▶ [ABOUT THIS EXERCISE]: In the listing below, locate the lines that hold the string "Gram". Copy those lines.

<<<<

(* Let $S_2=\epsilon_2$, $S_3=\epsilon_3$ and $S_n=K_{n-3}+\epsilon_3$ for $n\ge4$, and let $R(r)=\frac{1}{2\sqrt{1-r^2}}$ with $R^j$ its $j$-fold composition ($R^0$ the identity). For $n\in\{2,3\}$, $S_n$ admits a spherical embedding of dimension $n-1$ and radius $r$ for every $0<r<1$. For $n\ge4$, $S_n$ admits a spherical embedding of dimension $n-1$ and radius $r$ for every $r$ with $R^{n-4}(1/2)<r<1$, but admits no spherical embedding of dimension $n-1$ and radius $r$ with $r<R^{n-4}(1/2)$.
   Context: $\epsilon_k$ is the graph with $k$ vertices and no edges; $G+H$ is obtained from disjoint copies of $G$ and $H$ by adding all edges between them. A unit-distance embedding of a graph $G$ in $\mathbb{R}^n$ is an injective map $f$ from the vertex set of $G$ to $\mathbb{R}^n$ such that $|f(u)-f(v)|=1$ for every edge $uv$ and no point $f(w)$ lies on the segment $[f(u),f(v)]$ for an edge $uv$ with $w\notin\{u,v\}$. $G$ admits a spherical embedding of dimension $k$ and radius $r$ if $G$ has a unit-distance embedding in $\mathbb{R}^k$ all of whose vertices lie on a sphere $\{x\in\mathbb{R}^k:|x-c|=r\}$. *)

From HB Require Import structures.
From mathcomp Require Import all_boot all_order all_algebra.
From mathcomp Require Import reals.
Set Implicit Arguments. Unset Strict Implicit. Unset Printing Implicit Defensive.
Import Order.TTheory GRing.Theory Num.Theory.
Local Open Scope ring_scope.

Record graph := Graph { vert : finType; adj : rel vert }.

Definition eps (k : nat) : graph := @Graph 'I_k (fun _ _ => false).
Definition complete (m : nat) : graph := @Graph 'I_m (fun i j => i != j).
(* G + H : disjoint union plus all edges between the two parts *)
Definition join (G H : graph) : graph :=
  @Graph (vert G + vert H)%type
    (fun x y => match x, y with
                | inl a, inl b => adj a b
                | inr a, inr b => adj a b
                | _, _ => true
                end).

Definition S_graph (n : nat) : graph :=
  match n with
  | 0 | 1 | 2 | 3 => eps n
  | _ => join (complete (n - 3)) (eps 3)
  end.

Definition edist (R : realType) (k : nat) (x y : 'rV[R]_k) : R :=
  Num.sqrt (\sum_(i < k) (x ord0 i - y ord0 i) ^+ 2).

Definition on_segment (R : realType) (k : nat) (p a b : 'rV[R]_k) : Prop :=
  exists t : R, 0 <= t <= 1 /\ p = (1 - t) *: a + t *: b.

Definition unit_distance_embedding (R : realType) (G : graph) (k : nat)
    (f : vert G -> 'rV[R]_k) : Prop :=
  injective f /\
  (forall u v : vert G, adj u v -> edist (f u) (f v) = 1) /\
  (forall u v w : vert G, adj u v -> w != u -> w != v ->
     ~ on_segment (f w) (f u) (f v)).

Definition spherical_embedding (R : realType) (G : graph) (k : nat) (r : R) : Prop :=
  exists (f : vert G -> 'rV[R]_k) (c : 'rV[R]_k),
    @unit_distance_embedding R G k f /\ forall v : vert G, edist (f v) c = r.

Definition Rmap (R : realType) (r : R) : R := 1 / (2 * Num.sqrt (1 - r ^+ 2)).

(* S_2 = eps_2, S_3 = eps_3 and S_n = K_(n-3) + eps_3 for n >= 4.  The proof
   rests on three facts about points on a sphere of radius r centred at c.
   - Strict convexity: a point of the sphere on a chord is an endpoint of the
     chord, so the "no vertex inside an edge" condition is automatic for maps
     into a sphere (sphere_embeddingP).
   - Gram bound: if N + 1 points of the sphere are pairwise at distance 1, then
     |sum_i (p_i - c)| ^ 2 >= 0 yields r ^ 2 >= N / (2 (N + 1))
     (unit_simplex_radius).  K_(n-3) plus one vertex of eps_3 is a clique of
     size n - 2, which gives the non-existence part.
   - Construction: in R^2 x R^m, m = n - 3, put the clique vertices at s e_i,
     the three independent vertices at (p_e, a, ..., a) with p_e on a circle of
     radius rho, and the centre at (0, b, ..., b); the parameters s, a, b, rho
     exist as soon as r ^ 2 > m / (2 (m + 1)) (construction_parameters).
   Finally R^j (1/2) = sqrt ((j + 1) / (2 (j + 2))) (iter_Rmap_half), which is
   exactly the Gram threshold, and for n = 2, 3 the vertices are placed at the
   points +-r e_j of a cross-polytope. *)

From HB Require Import structures.
From mathcomp Require Import all_boot all_order all_algebra.
From mathcomp Require Import reals ring lra.
Import Order.TTheory GRing.Theory Num.Theory.
Local Open Scope ring_scope.
Set Implicit Arguments. Unset Strict Implicit. Unset Printing Implicit Defensive.

Section SphericalEmbeddings.
Variable R : realType.

Lemma edistE k (x y : 'rV[R]_k) :
  edist x y ^+ 2 = \sum_(i < k) (x ord0 i - y ord0 i) ^+ 2.
Proof. by rewrite sqr_sqrtr // sumr_ge0 // => i _; apply: sqr_ge0. Qed.

Lemma edist_ge0 k (x y : 'rV[R]_k) : 0 <= edist x y.
Proof. exact: sqrtr_ge0. Qed.

Lemma edist_eq k (x y : 'rV[R]_k) r :
  0 <= r -> edist x y ^+ 2 = r ^+ 2 -> edist x y = r.
Proof. by move=> r0 /eqP; rewrite eqrXn2 ?edist_ge0 // => /eqP. Qed.

Lemma edistC k (x y : 'rV[R]_k) : edist x y = edist y x.
Proof. by congr Num.sqrt; apply: eq_bigr => i _; rewrite -sqrrN opprB. Qed.

Lemma edistxx k (x : 'rV[R]_k) : edist x x = 0.
Proof.
by apply: edist_eq; rewrite // edistE big1 ?expr0n // => i _; rewrite subrr expr0n.
Qed.

Lemma edist_row_mx k1 k2 (x x' : 'rV[R]_k1) (y y' : 'rV[R]_k2) :
  edist (row_mx x y) (row_mx x' y') ^+ 2 = edist x x' ^+ 2 + edist y y' ^+ 2.
Proof.
rewrite !edistE big_split_ord /=.
by congr (_ + _); apply: eq_bigr => i _; rewrite ?row_mxEl ?row_mxEr.
Qed.

Definition axis_point k (j : nat) (s : R) : 'rV[R]_k :=
  \row_(l < k) (if l == j :> nat then s else 0).

Lemma sum_indicator k j (x : R) :
  (j < k)%N -> \sum_(l < k) (if l == j :> nat then x else 0) = x.
Proof. by move=> hj; rewrite -big_mkcond big_ord1_eq hj. Qed.

Lemma edist_axis k j j' s s' : (j < k)%N -> (j' < k)%N ->
  edist (axis_point k j s) (axis_point k j' s') ^+ 2 =
  if j == j' then (s - s') ^+ 2 else s ^+ 2 + s' ^+ 2.
Proof.
move=> hj hj'; rewrite edistE; case: eqP => [<- | nj].
  rewrite -(sum_indicator ((s - s') ^+ 2) hj); apply: eq_bigr => l _.
  by rewrite !mxE; case: eqP => _; rewrite // subrr expr0n.
rewrite -(sum_indicator (s ^+ 2) hj) -(sum_indicator (s' ^+ 2) hj') -big_split /=.
apply: eq_bigr => l _; rewrite !mxE.
case: (eqVneq (l : nat) j) => [lj | _]; case: (eqVneq (l : nat) j') => [lj' | _].
- by case: nj; rewrite -lj -lj'.
- by rewrite subr0 addr0.
- by rewrite sub0r sqrrN add0r.
- by rewrite subrr expr2 mulr0 addr0.
Qed.

Lemma edist_axis_const k j s a : (j < k)%N ->
  edist (axis_point k j s) (const_mx a) ^+ 2 = s ^+ 2 - 2 * s * a + k%:R * a ^+ 2.
Proof.
move=> hj; have -> : k%:R * a ^+ 2 = \sum_(l < k) a ^+ 2.
  by rewrite sumr_const card_ord mulr_natl.
rewrite -(sum_indicator (s ^+ 2 - 2 * s * a) hj) -big_split edistE /=.
apply: eq_bigr => l _; rewrite !mxE.
by case: eqP => _; rewrite ?add0r ?sub0r ?sqrrN //; ring.
Qed.

Lemma edist_const k a b :
  edist (const_mx a : 'rV[R]_k) (const_mx b) ^+ 2 = k%:R * (a - b) ^+ 2.
Proof.
rewrite edistE -[k in RHS]card_ord mulr_natl -sumr_const.
by apply: eq_bigr => l _; rewrite !mxE.
Qed.

Lemma axis_point_inj k j j' s s' : (j < k)%N -> (j' < k)%N -> s != 0 ->
  axis_point k j s = axis_point k j' s' -> j = j' /\ s = s'.
Proof.
move=> hj hj' s0 e; have := edist_axis s s' hj hj'.
rewrite e edistxx expr0n /=; case: eqP => [-> | _] /esym/eqP.
  by rewrite sqrf_eq0 subr_eq0 => /eqP.
by rewrite paddr_eq0 ?sqr_ge0 // sqrf_eq0 (negbTE s0).
Qed.

(* Strict convexity of spheres: the chord [a, b] meets the sphere only at a
   and b, by the identity
   |p - c|^2 = (1-t)|a - c|^2 + t|b - c|^2 - t(1-t)|a - b|^2. *)
Lemma sphere_chord k (a b p c : 'rV[R]_k) r :
  edist a c = r -> edist b c = r -> edist p c = r -> on_segment p a b ->
  p = a \/ p = b.
Proof.
move=> ha hb hp [t [/andP[t0 t1] ep]].
have chord_identity : edist p c ^+ 2 =
    (1 - t) * edist a c ^+ 2 + t * edist b c ^+ 2 - t * (1 - t) * edist a b ^+ 2.
  rewrite !edistE !mulr_sumr -big_split /= -sumrB; apply: eq_bigr => i _.
  by rewrite ep !mxE; ring.
have : t * (1 - t) * edist a b ^+ 2 = 0.
  by move: chord_identity; rewrite ha hb hp; lra.
move/eqP; rewrite 2!mulf_eq0 subr_eq0 => /orP[/orP[] | ] /eqP e.
- by left; rewrite ep e subr0 scale1r scale0r addr0.
- by right; rewrite ep -e subrr scale0r scale1r add0r.
- suff eab : a = b by left; rewrite ep -eab -scalerDl subrK scale1r.
  apply/matrixP => i j; rewrite (ord1 i); apply/eqP; rewrite -subr_eq0 -sqrf_eq0.
  move: e; rewrite edistE => /eqP; rewrite psumr_eq0 => [/allP | l _].
    by move/(_ j (mem_index_enum j)).
  exact: sqr_ge0.
Qed.

(* On a sphere the "no vertex inside an edge" condition is automatic, so an
   injective map onto a sphere sending edges to unit segments is a spherical
   embedding. *)
Lemma sphere_embeddingP (G : graph) k (f : vert G -> 'rV[R]_k) c r :
  injective f -> (forall u v, adj u v -> edist (f u) (f v) = 1) ->
  (forall v, edist (f v) c = r) -> spherical_embedding G k r.
Proof.
move=> finj fd fs; exists f, c; split=> //; split=> //; split=> // u v w _ wu wv seg.
have [/finj e | /finj e] := sphere_chord (fs u) (fs v) (fs w) seg.
- by move: wu; rewrite e eqxx.
- by move: wv; rewrite e eqxx.
Qed.

Definition cross_point k r (i : nat) : 'rV[R]_k :=
  axis_point k i./2 (if odd i then - r else r).

Lemma edist_cross_point k r i : (i < k.*2)%N ->
  edist (cross_point k r i) (const_mx 0) ^+ 2 = r ^+ 2.
Proof.
rewrite -ltn_half_double => hi; rewrite edist_axis_const // mulr0 subr0 expr0n /=.
by rewrite mulr0 addr0; case: odd; rewrite ?sqrrN.
Qed.

Lemma cross_point_inj k r i j : 0 < r -> (i < k.*2)%N -> (j < k.*2)%N ->
  cross_point k r i = cross_point k r j -> i = j.
Proof.
rewrite -!ltn_half_double => r0 hi hj /axis_point_inj[] //.
  by case: odd; rewrite ?oppr_eq0 gt_eqF.
move=> half_ij sign_ij; rewrite -[i]odd_double_half -[j]odd_double_half half_ij.
by congr (_ + _); move: sign_ij; case: (odd i); case: (odd j) => // sign_ij; exfalso; lra.
Qed.

(* eps_n has no edges: it suffices to place n distinct points on a sphere,
   e.g. the vertices +-r e_j of a cross-polytope, which needs 2 k >= n. *)
Lemma eps_spherical n k (r : R) : (n <= k.*2)%N -> 0 < r -> spherical_embedding (eps n) k r.
Proof.
move=> nk r0; have lt_nk (i : 'I_n) : (i < k.*2)%N by apply: leq_trans nk.
apply: (@sphere_embeddingP (eps n) k (fun i => cross_point k r i) (const_mx 0)) => //.
- by move=> i j /(cross_point_inj r0 (lt_nk i) (lt_nk j)) /val_inj.
- by move=> i; apply: edist_eq; [exact: ltW | exact: edist_cross_point].
Qed.

Definition dotv k (x y : 'rV[R]_k) : R := \sum_(i < k) x ord0 i * y ord0 i.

>>>>

▶ [ANSWER TO THE EXERCISE]:
   - Gram bound: if N + 1 points of the sphere are pairwise at distance 1, then
   exactly the Gram threshold, and for n = 2, 3 the vertices are placed at the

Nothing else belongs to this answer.